The Secretariat of State is the only body of the Curia that is situated within Vatican City. The others are in buildings in different parts of Rome that have extraterritorial rights similar to those of embassies.
Among the most active of the major Curial institutions are the Congregation for the Doctrine of the Faith, which oversees the Catholic Church's doctrine; the Congregation for Bishops, which coordinates the appointment of bishops worldwide; the Congregation for the Evangelization of Peoples, which oversees all missionary activities; and the Pontifical Council for Justice and Peace, which deals with international peace and social issues.

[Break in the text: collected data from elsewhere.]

(* Let $S$ be a monoid and let $\mathbb{C}$ be a class of $S$-acts closed under taking subacts and products. Let $r_{\mathbb{C}}$ be the Hoehnke radical defined by $r_{\mathbb{C}}(A)=\bigwedge\{\chi\in\mathrm{Con}(A): A/\chi\in\mathbb{C}\}$, and let $\mathbb{R}_{r_{\mathbb{C}}}=\{A: r_{\mathbb{C}}(A)=\nabla_A\}$. Then: (1) $\mathbb{R}_{r_{\mathbb{C}}}$ is closed under homomorphic images; (2) $\mathbb{R}_{r_{\mathbb{C}}}$ has the inductive property; (3) $\mathbb{R}_{r_{\mathbb{C}}}$ is closed under Rees extensions.
   Context: An $S$-act over a monoid $S$ is a set $A$ with an action $(s,a)\mapsto sa$ satisfying $s(ta)=(st)a$ and $1a=a$; homomorphisms are action-preserving maps. An $S$-act is trivial if $|A|\le1$. Classes of $S$-acts are assumed closed under isomorphic copies and to contain all trivial $S$-acts. $\mathrm{Con}(A)$ is the lattice of congruences (action-compatible equivalence relations) on $A$, with $\nabla_A=A\times A$. A Rees congruence is a congruence each of whose classes is a subact or a singleton; $\Sigma_\rho$ denotes the set of classes of $\rho$ that are non-trivial subacts. A (normal) Hoehnke radical is an assignment $r$ of a congruence $r(A)$ to each $S$-act $A$ such that homomorphisms $f:A\to B$ map $r(A)$-related pairs to $r(B)$-related pairs and $r(A/r(A))$ is the diagonal. A class $\mathbb{C}'$ has the inductive property if for every ascending chain $(A_i)_{i\in I}$ of subacts (of some $S$-act) with all $A_i\in\mathbb{C}'$, the union $\bigcup_i A_i\in\mathbb{C}'$. $\mathbb{C}'$ is closed under Rees extensions if whenever $A$ has a Rees congruence $\chi$ with $\Sigma_\chi\subseteq\mathbb{C}'$ and $A/\chi\in\mathbb{C}'$, then $A\in\mathbb{C}'$. *)

From Stdlib Require Import FunctionalExtensionality PropExtensionality
  ProofIrrelevance IndefiniteDescription.

Set Implicit Arguments.
Unset Strict Implicit.

Record monoid := Monoid {
  mcar :> Type;
  mop : mcar -> mcar -> mcar;
  mone : mcar;
  mopA : forall x y z, mop x (mop y z) = mop (mop x y) z;
  mop1l : forall x, mop mone x = x;
  mop1r : forall x, mop x mone = x }.

Record act (S : monoid) := Act {
  acar :> Type;
  actf : S -> acar -> acar;
  actA : forall s t a, actf s (actf t a) = actf (@mop S s t) a;
  act1 : forall a, actf (@mone S) a = a }.

Arguments actf {S} _ _ _.

Section Acts.
Variable S : monoid.

Definition is_hom (A B : act S) (f : A -> B) : Prop :=
  forall s a, f (actf A s a) = actf B s (f a).

Definition surjective (X Y : Type) (f : X -> Y) : Prop := forall y, exists x, f x = y.
Definition injective (X Y : Type) (f : X -> Y) : Prop := forall x y, f x = f y -> x = y.

Definition trivial_act (A : act S) : Prop := forall a b : A, a = b.

Definition is_congruence (A : act S) (R : A -> A -> Prop) : Prop :=
  (forall a, R a a) /\ (forall a b, R a b -> R b a) /\
  (forall a b c, R a b -> R b c -> R a c) /\
  (forall s a b, R a b -> R (actf A s a) (actf A s b)).

Definition subact_closed (A : act S) (P : A -> Prop) : Prop :=
  forall s a, P a -> P (actf A s a).

Section Subact.
Variables (A : act S) (P : A -> Prop) (HP : subact_closed P).
Definition sub_actf (s : S) (x : {a : A | P a}) : {a : A | P a} :=
  exist _ (actf A s (proj1_sig x)) (HP s (proj2_sig x)).
Lemma sub_actA s t x : sub_actf s (sub_actf t x) = sub_actf (@mop S s t) x.
Proof. destruct x as [a Pa]; unfold sub_actf; simpl.
  apply subset_eq_compat. apply actA. Qed.
Lemma sub_act1 x : sub_actf (@mone S) x = x.
Proof. destruct x as [a Pa]; unfold sub_actf; simpl.
  apply subset_eq_compat. apply act1. Qed.
Definition subact_act : act S := Act sub_actA sub_act1.
End Subact.

Section Product.
Variables (I : Type) (F : I -> act S).
Definition prod_actf (s : S) (x : forall i, F i) : forall i, F i :=
  fun i => actf (F i) s (x i).
Lemma prod_actA s t x : prod_actf s (prod_actf t x) = prod_actf (@mop S s t) x.
Proof. apply functional_extensionality_dep; intro i; apply actA. Qed.
Lemma prod_act1 x : prod_actf (@mone S) x = x.
Proof. apply functional_extensionality_dep; intro i; apply act1. Qed.
Definition prod_act : act S := Act prod_actA prod_act1.
End Product.

Section Quotient.
Variables (A : act S) (R : A -> A -> Prop) (HR : is_congruence R).
Definition quot_car := {X : A -> Prop | exists a, X = R a}.
Definition qclass (a : A) : quot_car := exist _ (R a) (ex_intro _ a eq_refl).
Definition qrep (X : quot_car) : A := proj1_sig (constructive_indefinite_description _ (proj2_sig X)).
Lemma qrepK X : qclass (qrep X) = X.
Proof. unfold qrep, qclass. destruct (constructive_indefinite_description _ _) as [a Ha].
  simpl. destruct X as [X HX]. simpl in *. subst. apply subset_eq_compat. reflexivity. Qed.
Lemma qclass_eq a b : R a b -> qclass a = qclass b.
Proof. destruct HR as [Hr [Hs [Ht _]]]. intro Hab. unfold qclass. apply subset_eq_compat.
  apply functional_extensionality; intro c; apply propositional_extensionality; split; eauto. Qed.
Lemma qclass_rel a b : qclass a = qclass b -> R a b.
Proof. destruct HR as [Hr _]. intro E. assert (E' : R a = R b) by exact (f_equal (@proj1_sig _ _) E).
  rewrite E'. apply Hr. Qed.
Definition quot_actf (s : S) (X : quot_car) : quot_car := qclass (actf A s (qrep X)).
Lemma quot_actA s t X : quot_actf s (quot_actf t X) = quot_actf (@mop S s t) X.
Proof. unfold quot_actf. apply qclass_eq. rewrite <- actA. destruct HR as [_ [Hs [_ Hc]]].
  apply Hc. apply qclass_rel. rewrite qrepK. reflexivity. Qed.
Lemma quot_act1 X : quot_actf (@mone S) X = X.
Proof. unfold quot_actf. rewrite act1. apply qrepK. Qed.
Definition quot_act : act S := Act quot_actA quot_act1.
End Quotient.

Definition act_class := act S -> Prop.

Definition iso_closed (C : act_class) : Prop :=
  forall (A B : act S) (f : A -> B), is_hom f -> injective f -> surjective f -> C A -> C B.
Definition contains_trivial (C : act_class) : Prop :=
  forall A : act S, trivial_act A -> C A.
Definition subacts_closed (C : act_class) : Prop :=
  forall (A : act S) (P : A -> Prop) (HP : subact_closed P), C A -> C (subact_act HP).
Definition products_closed (C : act_class) : Prop :=
  forall (I : Type) (F : I -> act S), (forall i, C (F i)) -> C (prod_act F).

Definition rad (C : act_class) (A : act S) (a b : A) : Prop :=
  forall (chi : A -> A -> Prop) (Hchi : is_congruence chi), C (quot_act Hchi) -> chi a b.

Definition radical_class (C : act_class) : act_class :=
  fun A => forall a b : A, rad C a b.

Definition hom_images_closed (D : act_class) : Prop :=
  forall (A B : act S) (f : A -> B), is_hom f -> surjective f -> D A -> D B.

Lemma union_subact_closed (X : act S) (I : Type) (P : I -> X -> Prop) :
  (forall i, subact_closed (P i)) -> subact_closed (fun x => exists i, P i x).
Proof. intros H s a [i Hi]. exists i. apply H, Hi. Qed.

Definition inductive_prop (D : act_class) : Prop :=
  forall (X : act S) (I : Type) (P : I -> X -> Prop) (HP : forall i, subact_closed (P i)),
    (forall i j, (forall x, P i x -> P j x) \/ (forall x, P j x -> P i x)) ->
    (forall i, D (subact_act (HP i))) ->
    D (subact_act (union_subact_closed HP)).

Definition rees_congruence (A : act S) (chi : A -> A -> Prop) : Prop :=
  is_congruence chi /\
  forall a, subact_closed (chi a) \/ (forall b, chi a b -> b = a).

(** (3) closed under Rees extensions; the classes in Sigma_chi are the
    classes chi a that are subacts with at least two elements *)
Definition rees_ext_closed (D : act_class) : Prop :=
  forall (A : act S) (chi : A -> A -> Prop) (Hchi : is_congruence chi),
    (forall a, subact_closed (chi a) \/ (forall b, chi a b -> b = a)) ->
    (forall a (Ha : subact_closed (chi a)),
        (exists b c, chi a b /\ chi a c /\ b <> c) -> D (subact_act Ha)) ->
    D (quot_act Hchi) -> D A.

End Acts.

(* A congruence theta with A/theta in C is the kernel of the quotient map
   A -> A/theta; conversely, for a homomorphism h : A -> B with B in C, the
   quotient of A by ker h is isomorphic to the image of h, a subact of B, and so
   lies in C.  Hence r_C(A) is the intersection of the kernels of all
   homomorphisms from A into members of C, and homomorphisms map r_C-related
   pairs to r_C-related pairs.  This gives (1) along a surjection and (2) along
   the inclusion of a member of the chain containing both points.  For (3), each
   class of the Rees congruence chi is a singleton or a radical subact, so chi
   lies below r_C(A); then every theta with A/theta in C contains chi, and
   A/theta is a homomorphic image of the radical act A/chi. *)
From Stdlib Require Import ProofIrrelevance IndefiniteDescription Classical.

Set Implicit Arguments.
Unset Strict Implicit.

Section QuotientFacts.
Variables (S : monoid) (A : act S) (R : A -> A -> Prop) (HR : is_congruence R).

Lemma qrep_qclass a : R a (qrep (qclass R a)).
Proof. apply (qclass_rel HR). symmetry. apply qrepK. Qed.

Lemma qclass_hom : is_hom (B := quot_act HR) (qclass R).
Proof.
  intros s a. simpl. unfold quot_actf. apply (qclass_eq HR).
  destruct HR as [_ [_ [_ Hcomp]]]. apply Hcomp, qrep_qclass.
Qed.

End QuotientFacts.

Section QuotientLift.
Variables (S : monoid) (A : act S) (chi theta : A -> A -> Prop).
Hypotheses (Hchi : is_congruence chi) (Htheta : is_congruence theta).
Hypothesis Hsub : forall x y, chi x y -> theta x y.

Lemma qclass_qrep_sub a : qclass theta (qrep (qclass chi a)) = qclass theta a.
Proof.
  apply (qclass_eq Htheta).
  destruct Htheta as [_ [Hsym _]]. apply Hsym, Hsub, (qrep_qclass Hchi).
Qed.

Lemma quot_lift_hom :
  is_hom (A := quot_act Hchi) (B := quot_act Htheta) (fun X => qclass theta (qrep X)).
Proof.
  intros s X. simpl. unfold quot_actf.
  rewrite qclass_qrep_sub.
  rewrite <- (qrepK X) at 2. rewrite qclass_qrep_sub.
  apply (qclass_hom Htheta).
Qed.

End QuotientLift.

Section Kernel.
Variables (S : monoid) (A B : act S) (h : A -> B) (Hh : is_hom h).

Definition kernel (a b : A) : Prop := h a = h b.

Lemma kernel_congruence : is_congruence kernel.
Proof.
  unfold kernel. repeat split; intros *; congruence.
Qed.

Definition image (b : B) : Prop := exists a, b = h a.

Lemma image_subact : subact_closed image.
Proof. intros s b [a ->]. exists (actf A s a). symmetry. apply Hh. Qed.

Definition quot_kernel_to_image (X : quot_act kernel_congruence) : subact_act image_subact :=
  exist _ (h (qrep X)) (ex_intro _ (qrep X) eq_refl).

Lemma quot_kernel_to_image_hom : is_hom quot_kernel_to_image.
Proof.
  intros s X. apply subset_eq_compat. simpl. unfold quot_actf.
  rewrite <- Hh. symmetry. apply (qrep_qclass kernel_congruence).
Qed.

Lemma quot_kernel_to_image_injective : injective quot_kernel_to_image.
Proof.
  intros X Y E. apply (f_equal (@proj1_sig _ _)) in E.
  rewrite <- (qrepK X), <- (qrepK Y). apply (qclass_eq kernel_congruence), E.
Qed.

Lemma quot_kernel_to_image_surjective : surjective quot_kernel_to_image.
Proof.
  intros [b [a ->]]. exists (qclass kernel a). apply subset_eq_compat. simpl.
  symmetry. apply (qrep_qclass kernel_congruence).
Qed.

End Kernel.

Section RadicalClass.
Variables (S : monoid) (C : act_class S).
Hypotheses (HC : iso_closed C) (HS : subacts_closed C).

Lemma iso_closed_inv (A B : act S) (f : A -> B) :
  is_hom f -> injective f -> surjective f -> C B -> C A.
Proof.
  intros Hf Hinj Hsur. pose (g := fun b => proj1_sig (constructive_indefinite_description _ (Hsur b))).
  assert (fg : forall b, f (g b) = b).
  { intro b. unfold g. destruct (constructive_indefinite_description _ _). assumption. }
  apply (HC (f := g)).
  - intros s b. apply Hinj. rewrite Hf, !fg. reflexivity.
  - intros b b' E. rewrite <- (fg b), <- (fg b'), E. reflexivity.
  - intro a. exists (f a). apply Hinj, fg.
Qed.

Lemma quot_kernel_closed (A B : act S) (h : A -> B) (Hh : is_hom h) :
  C B -> C (quot_act (kernel_congruence Hh)).
Proof.
  intro CB. apply (iso_closed_inv (quot_kernel_to_image_hom (Hh := Hh))).
  - apply quot_kernel_to_image_injective.
  - apply quot_kernel_to_image_surjective.
  - apply HS, CB.
Qed.

Lemma rad_hom (A B : act S) (h : A -> B) (a b : A) :
  is_hom h -> C B -> rad C a b -> h a = h b.
Proof. intros Hh CB Hab. exact (Hab _ _ (quot_kernel_closed Hh CB)). Qed.

Lemma rad_hom_map (A B : act S) (f : A -> B) (a b : A) :
  is_hom f -> rad C a b -> rad C (f a) (f b).
Proof.
  intros Hf Hab theta Htheta CB. apply (qclass_rel Htheta).
  apply (rad_hom (B := quot_act Htheta) (h := fun a => qclass theta (f a))); [| exact CB | exact Hab].
  intros s x. simpl. rewrite Hf. apply (qclass_hom Htheta).
Qed.

Lemma rad_refl (A : act S) (a : A) : rad C a a.
Proof. intros chi [Hrefl _] _. apply Hrefl. Qed.

Lemma radical_of_quot (A : act S) (chi : A -> A -> Prop) (Hchi : is_congruence chi) :
  (forall a b, chi a b -> rad C a b) ->
  radical_class C (quot_act Hchi) -> radical_class C A.
Proof.
  intros Hrad Hq a b theta Htheta CA.
  assert (Hsub : forall x y, chi x y -> theta x y) by (intros x y H; exact (Hrad x y H _ _ CA)).
  apply (qclass_rel Htheta).
  rewrite <- (qclass_qrep_sub Hchi Htheta Hsub a), <- (qclass_qrep_sub Hchi Htheta Hsub b).
  exact (rad_hom (quot_lift_hom (Hchi := Hchi) Htheta Hsub) CA (Hq _ _)).
Qed.

Lemma radical_hom_images_closed : hom_images_closed (radical_class C).
Proof.
  intros A B f Hf Hsur HA b b'.
  destruct (Hsur b) as [a <-], (Hsur b') as [a' <-].
  apply rad_hom_map; auto.
Qed.

Lemma radical_inductive : inductive_prop (radical_class C).
Proof.
  intros X I P HP Hchain HD [x [i Hx]] [y [j Hy]].
  assert (Hk : exists k, P k x /\ P k y).
  { destruct (Hchain i j) as [Hij | Hji]; [exists j | exists i]; auto. }
  destruct Hk as [k [Hkx Hky]].
  pose (incl := fun p : subact_act (HP k) =>
    exist _ (proj1_sig p) (ex_intro _ k (proj2_sig p)) : subact_act (union_subact_closed HP)).
  assert (Hincl : is_hom incl) by (intros s p; apply subset_eq_compat; reflexivity).
  rewrite (proof_irrelevance _ (ex_intro _ i Hx) (ex_intro _ k Hkx)),
    (proof_irrelevance _ (ex_intro _ j Hy) (ex_intro _ k Hky)).
  exact (rad_hom_map Hincl (HD k (exist _ x Hkx) (exist _ y Hky))).
Qed.

Lemma radical_rees_ext_closed : rees_ext_closed (radical_class C).
Proof.
  intros A chi Hchi Hrees Hsig.
  apply radical_of_quot. intros x y Hxy.
  destruct (classic (x = y)) as [<- | Hne]; [apply rad_refl |].
  destruct (Hrees x) as [Hx | Hsingle]; [| contradiction (Hne (eq_sym (Hsingle y Hxy)))].
  destruct Hchi as [Hrefl _].
  assert (Hincl : is_hom (fun p : subact_act Hx => proj1_sig p)) by (intros s p; reflexivity).
  assert (Hnontrivial : exists b c, chi x b /\ chi x c /\ b <> c) by (exists x, y; auto).
  exact (rad_hom_map Hincl (Hsig x Hx Hnontrivial (exist _ x (Hrefl x)) (exist _ y Hxy))).
Qed.

End RadicalClass.

Theorem lemma2p4 (S : monoid) (C : act_class S) :
  iso_closed C -> contains_trivial C -> subacts_closed C -> products_closed C ->
  hom_images_closed (radical_class C) /\
  inductive_prop (radical_class C) /\
  rees_ext_closed (radical_class C).
Proof.
  intros HC _ HS _. repeat split.
  - exact (radical_hom_images_closed HC HS).
  - exact (radical_inductive HC HS).
  - exact (radical_rees_ext_closed HC HS).
Qed.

Three tribunals exercise judicial power. The Roman Rota handles normal judicial appeals, the most numerous being those that concern alleged nullity of marriage.The Apostolic Signatura is the supreme appellate and administrative court concerning decisions even of the Roman Rota and administrative decisions of ecclesiastical superiors (bishops and superiors of religious institutes), such as closing a parish or removing someone from office. It also oversees the work of other ecclesiastical tribunals at all levels. The Apostolic Penitentiary deals not with external judgments or decrees, but with matters of conscience, granting absolutions from censures, dispensations, commutations, validations, condonations, and other favors; it also grants indulgences.
The Prefecture for the Economic Affairs of the Holy See coordinates the finances of the Holy See departments and supervises the administration of all offices, whatever be their degree of autonomy, that manage these finances. The most important of these is the Administration of the Patrimony of the Apostolic See.
The Prefecture of the Papal Household is responsible for the organization of the papal household, audiences, and ceremonies (apart from the strictly liturgical part).
The Holy See does not dissolve upon a pope's death or resignation. It instead operates under a different set of laws sede vacante . During this interregnum, the heads of the dicasteries of the Curia (such as the prefects of congregations) cease immediately to hold office, the only exceptions being the Major Penitentiary, who continues his important role regarding absolutions and dispensations, and the Camerlengo of the Holy Roman Church, who administers the temporalities (i.e., properties and finances) of the See of St. Peter during this period. The government of the See, and therefore of the Catholic Church, then falls to the College of Cardinals. Canon law prohibits the College and the Camerlengo from introducing any innovations or novelties in the government of the Church during this period.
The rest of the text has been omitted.